Explain the YOLO algorithm in a concise language

How to achieve it? First of all, I think you have to "understand" this algorithm first, at least you have to understand how it is implemented, what is the principle, what is the input and output. In order to learn this algorithm, I also spent a lot of time to read the author's papers and code. I think the paper cooperation code is a good way to learn. The code can be very clear to understand how it implements this algorithm.

The core of this algorithm is that it divides the picture into 7*7 grids. Note that this 7*7 grid does not cut a picture into 49 small blocks, but rather a grid corresponds to an output. It may feel a bit abstract, let's look at the picture first.

For example, in the above picture, there are a total of 49 grids. The task of each grid is to determine whether the center point of the object falls on the grid. If it falls on its own grid, then the grid is good. Will report to the system. Suppose the red grid marked in the above figure is named as a small grid, then the small grid finds that there is a dog here, so it reports to the system: I have a dog here, and then the system asks: How wide is the dog?
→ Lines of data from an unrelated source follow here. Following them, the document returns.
Lemma admissible_nil eps : 0 < eps -> (forall i, eps <= nu (return_pair i)) -> admissible nil.
Proof.
  intros Heps Hi; exists (fun _ => True); split; [apply clopen_True|].
  split; [|repeat split; intros; contradiction].
  rewrite (set_ext (fun p => True /\ frequent_return p) frequent_return) by (intro; tauto).
  apply Rlt_le_trans with eps; [exact Heps|].
  exact (limsup_measure_ge (dprod d) nu Hnu return_pair eps
           (fun i => clopen_borel _ _ (return_pair_clopen i)) Hi).
Qed.

Lemma next_return_index G (cs : list nat) K :
  borel (dprod d) G -> 0 < nu (fun p => G p /\ frequent_return p) ->
  (forall c, In c cs -> E (Nat.iter c T x1)) ->
  exists i, (K <= m i)%nat /\
    0 < nu (fun p => (G p /\ return_pair i p) /\ frequent_return p) /\
    (forall c, In c cs -> E (Nat.iter (m i + c) T x0)).
Proof.
  intros HG Hpos Hcs.
  destruct HT as [Hmetric [_ [HTc _]]].
  destruct (iter_limit_open d T _ x1 E cs Hmetric HTc (proj1 HE) Hcv Hcs) as [M1 HM1].
  destruct (Hm K) as [M2 HM2]; set (M := max M1 M2).
  destruct (positive_piece (dprod d) nu Hnu (fun p => G p /\ frequent_return p)
              (fun k => return_pair (k + M))) as [k Hk].
  - apply borel_and; [exact HG | exact frequent_return_borel].
  - intro k; apply clopen_borel, return_pair_clopen.
  - exact Hpos.
  - intros p [_ Hfreq]; destruct (Hfreq M) as [i [Hi Hret]].
    exists (i - M)%nat; replace (i - M + M)%nat with i by lia; exact Hret.
  - exists (k + M)%nat; split; [apply HM2; lia|split].
    + rewrite (set_ext (fun p => (G p /\ return_pair (k + M) p) /\ frequent_return p)
                       (fun p => (G p /\ frequent_return p) /\ return_pair (k + M) p))
        by (intro; tauto); exact Hk.
    + intros c Hc; rewrite Nat.add_comm, Nat.iter_add; apply HM1; [lia | exact Hc].
Qed.

Lemma admissible_extend L K :
  admissible L -> exists bc, ((K <= fst bc)%nat /\ (K <= snd bc)%nat) /\ admissible (bc :: L).
Proof.
  intros [G [HG [Hpos [HGb [Hpairs Hsums]]]]].
  destruct (next_return_index G (map snd L) K (clopen_borel _ _ HG) Hpos) as [i [Hi [Hpos' Hnew]]].
  { intros c Hc; apply in_map_iff in Hc; destruct Hc as [bc [<- Hbc]]; exact (proj2 (Hpairs bc Hbc)). }
  set (G' := fun p => G p /\ return_pair i p).
  assert (HG' : is_clopen (dprod d) G') by (apply clopen_and; [exact HG | apply return_pair_clopen]).
  destruct (generic_visits (dprod d) (Tprod T) (x0, x1) nu a b G' Hnu Hfol Hgen HG') with K
    as [c [Hc HGc]].
  { apply Rlt_le_trans with (1 := Hpos').
    apply measure_mono with (d := dprod d); [exact Hnu | | apply clopen_borel, HG' | intros p Hp; apply Hp].
    apply borel_and; [apply clopen_borel, HG' | exact frequent_return_borel]. }
  rewrite iter_Tprod in HGc; destruct HGc as [HGc [HEc0 HEc1]]; simpl in HEc0, HEc1.
  exists (m i, c); split; [split; [exact Hi | exact Hc]|].
  exists G'; split; [exact HG'|]; split; [exact Hpos'|]; split; [|split].
  - intros p [Hp Hret] bc [<-|Hbc]; [exact (proj1 Hret) | exact (HGb p Hp bc Hbc)].
  - intros bc [<-|Hbc]; [split; [exists i; reflexivity | exact HEc1] | exact (Hpairs bc Hbc)].
  - intros bc bc' [<-|Hbc] [<-|Hbc']; simpl.
    + rewrite Nat.iter_add; exact HEc0.
    + apply Hnew, in_map; exact Hbc'.
    + rewrite Nat.iter_add; exact (HGb _ HGc bc Hbc).
    + exact (Hsums bc bc' Hbc Hbc').
Qed.

End Construction.

(* The first n terms of a sequence, most recent first. *)
Fixpoint prefix {A : Type} (u : nat -> A) (n : nat) : list A :=
  match n with 0%nat => nil | S k => u k :: prefix u k end.

Lemma prefix_In {A : Type} (u : nat -> A) j n : (j < n)%nat -> In (u j) (prefix u n).
Proof.
  induction n as [|n IH]; simpl; intro Hj; [lia|].
  destruct (Nat.eq_dec j n) as [->|Hne]; [left; reflexivity | right; apply IH; lia].
Qed.
Section GaussianPacking.
Variables (n N : nat) (p : 'I_N -> Cn R n) (z : Cn R n) (d : R).
Hypothesis d_gt0 : 0 < d.
Hypothesis p_sep : forall j k, j != k -> 2 * d <= hnorm (p j - p k).

Let K : R := n.+1%:R.
Let q : R := expR (- (K ^+ 2)^-1).
Let c0 : R := expR (2 / K ^+ 2).

(* The cell of mesh d / K containing each real coordinate of z - p j. *)
Let cell1 j k := Num.floor ((z - p j).1 0 k * K / d).
Let cell2 j k := Num.floor ((z - p j).2 0 k * K / d).

Let B := (\max_(j < N) \max_(k < n) maxn `|cell1 j k| `|cell2 j k|)%N.

Local Notation code := (bool * 'I_B.+1)%type.

Let weight (x : code) : R := c0 * q ^+ x.2.

Let cells j : {ffun 'I_n -> code * code} :=
  [ffun k => (int_code B (cell1 j k), int_code B (cell2 j k))].

Let K_gt0 : 0 < K. Proof. by rewrite ltr0n. Qed.

Let q_itv : 0 <= q < 1.
Proof. by rewrite expR_ge0 /= -expR0 ltr_expR oppr_lt0 invr_gt0 exprn_gt0. Qed.

Let cell_le_B j k : (`|cell1 j k| <= B)%N /\ (`|cell2 j k| <= B)%N.
Proof.
have cellB : (maxn `|cell1 j k| `|cell2 j k| <= B)%N.
  apply: leq_trans (leq_bigmax (F := fun k => maxn `|cell1 j k|%N `|cell2 j k|%N) k) _.
  exact: (leq_bigmax (F := fun j => \max_(k < n) maxn `|cell1 j k|%N `|cell2 j k|%N) j).
by rewrite !(leq_trans _ cellB) ?leq_maxl ?leq_maxr.
Qed.

Let gauss_le_weight j : expR (- (hnorm (z - p j) / d) ^+ 2) <=
  \prod_(k < n) (weight (cells j k).1 * weight (cells j k).2).
Proof.
have coordE (c : R) : c / d = c * K / d / K by rewrite mulrAC mulfK ?gt_eqF.
rewrite expr_div_n hnorm_sqr mulr_suml -sumrN expR_sum.
apply: ler_prod => k _; rewrite mulrDl opprD expRD mulr_ge0 ?expR_ge0 // ffunE.
have [cell1_le cell2_le] := cell_le_B j k.
rewrite /weight /int_code /= !inordK ?ltnS // -!expr_div_n.
rewrite (coordE ((z - p j).1 0 k)) (coordE ((z - p j).2 0 k)).
by apply: ler_pM; rewrite ?expR_ge0 ?expR_sqr_floor_le.
Qed.

Let cells_inj : injective cells.
Proof.
move=> j l /ffunP jl; apply/eqP; apply: contraT => /p_sep.
have same_cell k : cell1 j k = cell1 l k /\ cell2 j k = cell2 l k.
  have := jl k; rewrite !ffunE => jlk.
  have [? ?] := cell_le_B j k; have [? ?] := cell_le_B l k.
  by split; [exact: int_code_inj (congr1 fst jlk) | exact: int_code_inj (congr1 snd jlk)].
have scaleE (c : R) : c = c * K / d * (d / K) by rewrite mulrA divfK ?mulfK ?gt_eqF.
have hnorm_le : hnorm (p j - p l) ^+ 2 <= n%:R * (2 * (d / K) ^+ 2).
  rewrite hnorm_sqr; apply: le_trans (_ : _ <= \sum_(k < n) 2 * (d / K) ^+ 2) _.
    apply: ler_sum => k _.
    have [cell1_eq cell2_eq] := same_cell k.
    have := floor_eq_sqr_le1 (esym cell1_eq); have := floor_eq_sqr_le1 (esym cell2_eq).
    have -> : (p j - p l).1 0 k = ((z - p l).1 0 k * K / d - (z - p j).1 0 k * K / d) * (d / K).
      by rewrite mulrBl -!scaleE /= !mxE; ring.
    have -> : (p j - p l).2 0 k = ((z - p l).2 0 k * K / d - (z - p j).2 0 k * K / d) * (d / K).
      by rewrite mulrBl -!scaleE /= !mxE; ring.
    rewrite !exprMn -mulrDl => le2 le1.
    by apply: ler_wpM2r; [rewrite mulr_ge0 ?sqr_ge0 | lra].
  by rewrite sumr_const card_ord [in X in _ <= X]mulr_natl.
by rewrite leNgt (cell_diameter_lt d_gt0 (hnorm_ge0 _) hnorm_le).
Qed.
The small grid seems a bit awkward, but according to its experience, the small grid can probably guess, so he answered the system: the dog is about 100 pixels wide and 250 pixels high. At this point, the task of the small grid is basically completed, the small grid is only one of the 49 grids, and the other grids are the same. So the system collected the opinions of 49 grids and then got the picture below.

In fact, 49*2=81 prediction boxes can appear in this picture, which means that no grid can have two predictions for the target, so up to 81 prediction boxes can appear. As you can see in the figure, there are a lot of useless boxes, and adjacent grids may have similar results, so we can filter a part of the prediction box by maximal value suppression. Then you can get the results of the figure below.

But believe me, even if you have fully understood what I said above, you may not be able to understand the code at once. When I read the code, I found that although the code is not much, the logic is clear, but there are some details. Hard to understand. Then let me take a look at it!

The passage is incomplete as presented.